Patients with atrial fibrillation lasting more than 48 hours were anticoagulated to obtain an International Normalized Ratio of 2 or higher for at least three weeks. They were then randomized to receive amiodarone, sotalol or propafenone in an open-label fashion. Cardioversion was performed in patients who had not converted to sinus rhythm after two weeks of amiodarone therapy or after four days of the other two medications. Patients were seen at three months after randomization, and every six months thereafter. The primary end point was the length of time to a first electrocardiographically confirmed recurrence of atrial fibrillation. Secondary end points were thromboembolic events, death and adverse events caused by the study drugs.

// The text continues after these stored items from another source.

(* Let $S$ be the three-vertex tree with root $a$, whose right child is $b$, where $b$ has a left child $c$ (preorder $132$), and let $S'$ be the three-vertex tree with a root having both a left child and a right child (preorder $213$); all edges of $S$ and $S'$ are contiguous. Let $(P,e)$ be any tree pattern. Let $Q$ be obtained from $S$ by attaching $(P,e)$ as the right subtree of the leaf $c$ via a non-contiguous edge, and let $Q'$ be obtained from $S'$ by attaching $(P,e)$ as the left subtree of the left leaf of $S'$ via a non-contiguous edge. Then $Q$ and $Q'$ are Wilf-equivalent.
   Context: $\mathcal{T}_n$ is the set of binary trees on $n$ vertices labeled $1,\dots,n$ by the search tree property (labels of combined trees reassigned by this property). $c_L,c_R,p$: left child, right child, parent. A tree pattern is $(P,e)$, $P\in\mathcal{T}_k$, $e\colon[k]\setminus\{\text{root}\}\to\{0,1\}$; edge $(i,p(i))$ is contiguous if $e(i)=1$, non-contiguous if $e(i)=0$. $T\in\mathcal{T}_n$ contains $(P,e)$ if there is an injection $f\colon[k]\to[n]$ such that for every non-root $i$ of $P$: if $e(i)=1$, $f(i)$ is the left (resp. right) child of $f(p(i))$ when $i$ is the left (resp. right) child of $p(i)$; if $e(i)=0$, $f(i)$ lies in the left (resp. right) subtree of $f(p(i))$. $\mathcal{T}_n(Q)$ is the set of avoiders of $Q$. $Q,Q'$ are Wilf-equivalent if $|\mathcal{T}_n(Q)|=|\mathcal{T}_n(Q')|$ for all $n\ge0$. *)

From mathcomp Require Import all_boot.
From mathcomp Require Import boolp.
Set Implicit Arguments. Unset Strict Implicit. Unset Printing Implicit Defensive.
(* Let $S$ be a left amenable semigroup and let $X$ be a Banach space that is complemented in its bidual $X^{**}$ (i.e. there is a bounded linear projection from $X^{**}$ onto the canonical image of $X$). Then there exists an $X$-valued left invariant mean on $S$, i.e. a bounded linear map $M: B(S,X)\to X$ such that $M(x\chi_S)=x$ for all $x\in X$ and $M(f)=M(f_s)$ for all $f\in B(S,X)$ and $s\in S$.
   Context: $B(S,X)$ denotes the Banach space of all bounded functions $f:S\to X$ with the supremum norm; $x\chi_S$ denotes the function on $S$ identically equal to $x$; for $f$ defined on $S$ and $s\in S$, $f_s(t)=f(st)$ is the left translate. $S$ is left amenable if there is a left invariant mean on $\ell_\infty(S)$, i.e. a norm-one linear functional $m$ on $\ell_\infty(S)$ with $m(e)=1$ ($e$ the constant function $1$) and $m(f)=m(f_s)$ for all $f\in\ell_\infty(S)$, $s\in S$. *)

From HB Require Import structures.
From mathcomp Require Import all_boot all_order all_algebra.
From mathcomp Require Import all_classical all_reals topology normedtype.
Set Implicit Arguments. Unset Strict Implicit. Unset Printing Implicit Defensive.
Import Order.TTheory GRing.Theory Num.Theory.
Import numFieldNormedType.Exports.
Local Open Scope classical_set_scope.
Local Open Scope ring_scope.

Section Defs.
Variable R : realType.

Section Bounded.
Variable S : Type.
Variable X : normedModType R.

Definition bdd (f : S -> X) : Prop := exists C : R, forall s, `|f s| <= C.

Definition supnorm (f : S -> X) : R := sup [set `|f s| | s in [set: S]].
End Bounded.

Definition ltrans (S T : Type) (op : S -> S -> S) (f : S -> T) (s : S) : S -> T :=
  fun t => f (op s t).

A total of 403 patients were enrolled in the study. There were slightly more men than women, and the mean age for both groups of patients was 65 ± 11 years. During a mean follow-up period of 468 ± 150 days, 71 patients (35 percent) in the amiodarone group had a recurrence of atrial fibrillation compared with 127 patients (63 percent) who were given sotalol or propafenone.

With regard to major clinical events, nine deaths occurred in the amiodarone group and eight deaths in the patients receiving sotalol or propafenone. Eighteen percent of patients in the amiodarone group required treatment for a major clinical event compared with 17 percent in the second group. However, strokes and intracranial hemorrhages were less common in the amiodarone group. Sixty-eight patients in the amiodarone group and 93 patients in the second group stopped taking their medication because of lack of efficacy or adverse events. Four patients who were taking amiodarone had suspected pulmonary toxicity, although it was only proved in one patient. Adverse cardiac events were rare and occurred equally in both study groups.

On the basis of their data, the authors conclude that amiodarone is significantly more effective than sotalol or propafenone in maintaining sinus rhythm in patients with atrial fibrillation. In this study, where the dosage of amiodarone was 200 mg per day, the incidence of adverse events was quite low. The authors suggest that amiodarone should become the drug of choice for use in patients with recurrent atrial fibrillation and structural heart disease.